:: AVAILABLE DATA ::

(* Let $H$ be a hypergraph and let $Y \subseteq \bigcup H$ be dispensable in $H$. Then for every $Z\subseteq \bigcup H$: $Z$ is dispensable in $H$ if and only if $Z$ is dispensable in $H\cup\{Y\}$.
   Context: A hypergraph is a finite set $H$ of nonempty subsets of some finite set; its carrier is $\bigcup H$ (the union of its members), and $H$ is called a hypergraph on $\bigcup H$. The empty family $\emptyset$ is the empty hypergraph. For a family $F$ of sets and a set $Y$, let $F_Y=\{X\in F\mid X\subseteq Y\}$. A hypergraph partition of a hypergraph $H$ is a partition $\{H_1,\dots,H_n\}$ ($n\ge 0$, blocks nonempty) of the set $H$ such that $\{\bigcup H_1,\dots,\bigcup H_n\}$ is a partition of $\bigcup H$. A hypergraph is connected if it has exactly one hypergraph partition (for nonempty $H$: the graph whose vertices are the members of $H$, two being adjacent when they intersect, is connected). A subset $Y$ of $\bigcup H$ is dispensable in $H$ when $H_Y\setminus\{Y\}$ is a connected hypergraph whose carrier is exactly $Y$. *)

From mathcomp Require Import all_boot.
Set Implicit Arguments. Unset Strict Implicit. Unset Printing Implicit Defensive.

Definition hypergraph (T : finType) (H : {set {set T}}) : Prop := set0 \notin H.

Definition carrier (T : finType) (H : {set {set T}}) : {set T} := cover H.

Definition restr (T : finType) (F : {set {set T}}) (Y : {set T}) : {set {set T}} :=
  [set X in F | X \subset Y].

(* A hypergraph partition of H: a partition P of the set H (nonempty blocks)
   such that the family of unions of the blocks (indexed by P) is a partition
   of the carrier of H. *)
Definition hyp_partition (T : finType) (H : {set {set T}})
    (P : {set {set {set T}}}) : Prop :=
  partition P H /\
  {in P &, injective (fun B => cover B)} /\
  partition [set cover B | B in P] (cover H).

Definition connected (T : finType) (H : {set {set T}}) : Prop :=
  exists P, hyp_partition H P /\ forall Q, hyp_partition H Q -> Q = P.

Definition dispensable (T : finType) (H : {set {set T}}) (Y : {set T}) : Prop :=
  Y \subset carrier H /\
  connected (restr H Y :\ Y) /\ carrier (restr H Y :\ Y) = Y.

From mathcomp Require Import all_boot.
Set Implicit Arguments. Unset Strict Implicit. Unset Printing Implicit Defensive.

(* A family F with nonempty union is connected exactly when no set S splits
   it: if every member of F lies in S or in ~: S, then so does cover F.  In
   this form connectedness is insensitive to adding the union of a connected
   subfamily of F, as that union cannot straddle a set S that no member of F
   straddles.  Passing from H to Y |: H changes Z's family H_Z \ {Z} only when
   Y is a proper subset of Z, and then it adds exactly Y, the union of the
   connected family H_Y \ {Y}, which is itself part of H_Z \ {Z}. *)

Lemma partition_set2 (U : finType) (A B : {set U}) :
  A != set0 -> B != set0 -> [disjoint A & B] -> partition [set A; B] (A :|: B).
Proof.
move=> A0 B0 dAB; apply: partitionU1 => //.
by rewrite /partition cover1 eqxx trivIset1 inE eq_sym B0.
Qed.

Lemma disjoint_sub_eq0 (U : finType) (A B : {set U}) :
  A \subset B -> [disjoint A & B] -> A = set0.
Proof. by move=> /setIidPl AB /disjoint_setI0; rewrite AB. Qed.

Section CoverConnected.
Variable T : finType.
Implicit Types (F G L : {set {set T}}) (S X W : {set T}).

Lemma cover_setU F G : cover (F :|: G) = cover F :|: cover G.
Proof. exact: bigcup_setU. Qed.

Lemma cover_set1U X F : cover (X |: F) = X :|: cover F.
Proof. by rewrite cover_setU cover1. Qed.

Lemma cover_setID F G : cover (F :&: G) :|: cover (F :\: G) = cover F.
Proof. by rewrite -cover_setU setID. Qed.

Lemma cover_set0 : cover (set0 : {set {set T}}) = set0.
Proof. exact: big_set0. Qed.

Lemma coverS F G : F \subset G -> cover F \subset cover G.
Proof. by move=> sFG; apply/bigcupsP=> W /(subsetP sFG) WG; apply: bigcup_sup. Qed.

Lemma disjoint_setID F G : [disjoint F :&: G & F :\: G].
Proof. by rewrite disjoints_subset setDE setCI setCK subsetU // subsetIr orbT. Qed.

Definition cover_connected F := forall S,
  {in F, forall W, (W \subset S) || (W \subset ~: S)} ->
  (cover F \subset S) || (cover F \subset ~: S).

Lemma cover_connected_set1U F L : L \subset F -> cover_connected L ->
  cover_connected (cover L |: F) <-> cover_connected F.
Proof.
move=> sLF connL; have coverLF : cover (cover L |: F) = cover F.
  by rewrite cover_set1U; apply/setUidPr/coverS.
rewrite /cover_connected coverLF; split=> connF S splitF.
- apply: connF => W /setU1P[->|WF]; last exact: splitF.
  by apply: connL => W' W'L; apply: splitF; apply: (subsetP sLF).
- by apply: connF => W WF; apply: splitF; rewrite setU1r.
Qed.

Lemma hyp_partition_set1 F : cover F != set0 -> hyp_partition F [set F].
Proof.
move=> F0; have F0' : F != set0 by apply: contraNneq F0 => ->; rewrite cover_set0.
split; [|split].
- by rewrite /partition cover1 eqxx trivIset1 inE eq_sym F0'.
- by move=> A B /set1P-> /set1P->.
- by rewrite imset_set1 /partition cover1 eqxx trivIset1 inE eq_sym F0.
Qed.

Lemma hyp_partition_setID F G :
  cover (F :&: G) != set0 -> cover (F :\: G) != set0 ->
  [disjoint cover (F :&: G) & cover (F :\: G)] ->
  hyp_partition F [set F :&: G; F :\: G].
Proof.
move=> FG0 FnG0 dFG.
have neq0 (B : {set {set T}}) : cover B != set0 -> B != set0.
  by apply: contraNneq => ->; rewrite cover_set0.
have neqFG : cover (F :&: G) != cover (F :\: G).
  apply: contraNneq FG0 => eqFG; apply/eqP/(disjoint_sub_eq0 _ dFG).
  by rewrite eqFG.
split; [|split].
- rewrite -[X in partition _ X](setID F G).
  by apply: partition_set2; rewrite ?neq0 ?disjoint_setID.
- move=> A B; rewrite !inE => /orP[]/eqP-> /orP[]/eqP-> // /eqP;
  by rewrite ?(negbTE neqFG) // eq_sym (negbTE neqFG).
- by rewrite imsetU1 imset_set1 -(cover_setID F G); apply: partition_set2.
Qed.

Section HypPartitionBlocks.
Variables (F : {set {set T}}) (Q : {set {set {set T}}}).
Hypothesis hQ : hyp_partition F Q.

Lemma hyp_partition_cover_neq0 B : B \in Q -> cover B != set0.
Proof.
case: hQ => _ [_ /partition_neq0 cQ] BQ; exact/cQ/imset_f.
Qed.

Lemma hyp_partition_disjoint B B' : B \in Q -> B' \in Q -> B != B' ->
  [disjoint cover B & cover B'].
Proof.
case: hQ => _ [injQ /partition_trivIset/trivIsetP tQ] BQ B'Q neqB.
by apply: tQ; rewrite ?imset_f //; apply: contra neqB => /eqP/injQ->.
Qed.

Lemma hyp_partition_block W : W \in F -> exists2 B, B \in Q & W \in B.
Proof. by case: hQ => /cover_partition cQ _; rewrite -cQ => /bigcupP. Qed.

Lemma hyp_partition_subset B : B \in Q -> B \subset F.
Proof. by case: hQ => pQ _; apply: partitionS pQ. Qed.

End HypPartitionBlocks.

Lemma connected_cover_connected F : connected F -> cover_connected F.
Proof.
move=> [P [_ uniqP]] S splitF; pose G := [set W : {set T} | W \subset S].
have coverFG : cover (F :&: G) \subset S.
  by apply/bigcupsP=> W; rewrite !inE => /andP[_].
have coverFnG : cover (F :\: G) \subset ~: S.
  apply/bigcupsP=> W; rewrite !inE => /andP[WnS WF].
  by move: (splitF W WF); rewrite (negbTE WnS).
have dFG : [disjoint cover (F :&: G) & cover (F :\: G)].
  by rewrite disjoints_subset (subset_trans coverFG) // -{1}[S]setCK setCS.
rewrite -(cover_setID F G).
have [->|FG0] := eqVneq (cover (F :&: G)) set0; first by rewrite set0U coverFnG orbT.
have [->|FnG0] := eqVneq (cover (F :\: G)) set0; first by rewrite setU0 coverFG.
have F0 : cover F != set0 by rewrite -(cover_setID F G) setU_eq0 negb_and FG0.
have /setP eqPF := uniqP _ (hyp_partition_setID FG0 FnG0 dFG).
rewrite -(uniqP _ (hyp_partition_set1 F0)) in eqPF.
have FGF : F :&: G = F by apply/set1P; rewrite -eqPF setU11.
have FnGF : F :\: G = F by apply/set1P; rewrite -eqPF !inE eqxx orbT.
move: dFG; rewrite FGF FnGF => /(disjoint_sub_eq0 (subxx _))/eqP.
by rewrite (negbTE F0).
Qed.

Lemma cover_connected_connected F :
  cover F != set0 -> cover_connected F -> connected F.
Proof.
move=> F0 connF; exists [set F]; split=> [|Q hQ]; first exact: hyp_partition_set1.
have [B BQ] : exists B, B \in Q.
  case/set0Pn: F0 => x /bigcupP[W /(hyp_partition_block hQ)[B BQ _] _].
  by exists B.
have splitF : {in F, forall W, (W \subset cover B) || (W \subset ~: cover B)}.
  move=> W /(hyp_partition_block hQ)[B' B'Q WB'].
  have [<-|neqB] := eqVneq B' B; first by rewrite bigcup_sup.
  apply/orP; right; rewrite -disjoints_subset.
  exact: disjointWl (bigcup_sup _ WB') (hyp_partition_disjoint hQ B'Q BQ neqB).
have coverFB : cover F \subset cover B.
  case/orP: (connF _ splitF) => // FnB; case/negP: (hyp_partition_cover_neq0 hQ BQ).
  apply/eqP/(disjoint_sub_eq0 (subxx _)); rewrite disjoints_subset.
  exact: subset_trans (coverS (hyp_partition_subset hQ BQ)) FnB.
have QB : Q = [set B].
  apply/setP=> B'; rewrite inE; apply/idP/eqP=> [B'Q|->//].
  apply/eqP; apply: contraNT (hyp_partition_cover_neq0 hQ B'Q) => neqB.
  apply/eqP/(disjoint_sub_eq0 _ (hyp_partition_disjoint hQ B'Q BQ neqB)).
  exact: subset_trans (coverS (hyp_partition_subset hQ B'Q)) coverFB.
by case: hQ => /cover_partition; rewrite QB cover1 => ->.
Qed.

Lemma connected_set1U F L : L \subset F -> connected L -> cover F != set0 ->
  connected (cover L |: F) <-> connected F.
Proof.
move=> sLF /connected_cover_connected connL F0.
have coverLF : cover (cover L |: F) != set0.
  by rewrite cover_set1U setU_eq0 negb_and F0 orbT.
split=> /connected_cover_connected connF.
  exact/(cover_connected_connected F0)/(cover_connected_set1U sLF connL).
exact/(cover_connected_connected coverLF)/(cover_connected_set1U sLF connL).
Qed.
End CoverConnected.

Lemma restrD1_set1U (T : finType) (H : {set {set T}}) (Y Z : {set T}) :
  restr (Y |: H) Z :\ Z =
  if Y \proper Z then Y |: (restr H Z :\ Z) else restr H Z :\ Z.
Proof.
apply/setP=> W; rewrite /restr; case: (eqVneq W Y) => [->|neWY].
  case: ifP => ltYZ; rewrite !inE eqxx -properEneq ltYZ //.
  by rewrite andbCA -properEneq ltYZ andbF.
by case: ifP => _; rewrite !inE (negbTE neWY).
Qed.

Lemma restrD1S (T : finType) (H : {set {set T}}) (Y Z : {set T}) :
  Y \subset Z -> restr H Y :\ Y \subset restr H Z :\ Z.
Proof.
move=> sYZ; apply/subsetP=> W; rewrite !inE => /and3P[neWY WH sWY].
rewrite WH (subset_trans sWY sYZ) !andbT; apply: contraNneq neWY => eqWZ.
by rewrite eqEsubset sWY eqWZ.
Qed.

Theorem proposition4p2 (T : finType) (H : {set {set T}}) (Y : {set T}) :
  hypergraph H ->
  Y \subset carrier H ->
  dispensable H Y ->
  forall Z : {set T}, Z \subset carrier H ->
    (dispensable H Z <-> dispensable (Y |: H) Z).
Proof.
move=> _ YH [_ [connL coverL]] Z _.
have carrierYH : carrier (Y |: H) = carrier H.
  by rewrite /carrier cover_set1U; apply/setUidPr.
rewrite /dispensable carrierYH restrD1_set1U; case: ifP => // ltYZ.
set K := restr H Z :\ Z; set L := restr H Y :\ Y in connL coverL.
have sLK : L \subset K by apply/restrD1S/proper_sub.
have coverYK : cover (Y |: K) = cover K.
  by rewrite cover_set1U; apply/setUidPr; rewrite -coverL coverS.
have Z0 : Z != set0 by rewrite -proper0 (sub_proper_trans (sub0set Y)).
rewrite /carrier in coverL *; rewrite coverYK -coverL.
have connKE : cover K = Z -> connected (cover L |: K) <-> connected K.
  by move=> coverK; apply: connected_set1U; rewrite ?coverK.
by split=> -[sZH [connK coverK]]; do !split=> //; apply/(connKE coverK).
Qed.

:: ACTION ITEM ::
The range runs from the line above containing "by case: hQ => /cover_partition;" to the line containing "restr (Y |: H)", inclusive. Restate those lines word for word and no others.

:: EXERCISE RESPONSE ::
by case: hQ => /cover_partition; rewrite QB cover1 => ->.
Qed.

Lemma connected_set1U F L : L \subset F -> connected L -> cover F != set0 ->
  connected (cover L |: F) <-> connected F.
Proof.
move=> sLF /connected_cover_connected connL F0.
have coverLF : cover (cover L |: F) != set0.
  by rewrite cover_set1U setU_eq0 negb_and F0 orbT.
split=> /connected_cover_connected connF.
  exact/(cover_connected_connected F0)/(cover_connected_set1U sLF connL).
exact/(cover_connected_connected coverLF)/(cover_connected_set1U sLF connL).
Qed.
End CoverConnected.

Lemma restrD1_set1U (T : finType) (H : {set {set T}}) (Y Z : {set T}) :
  restr (Y |: H) Z :\ Z =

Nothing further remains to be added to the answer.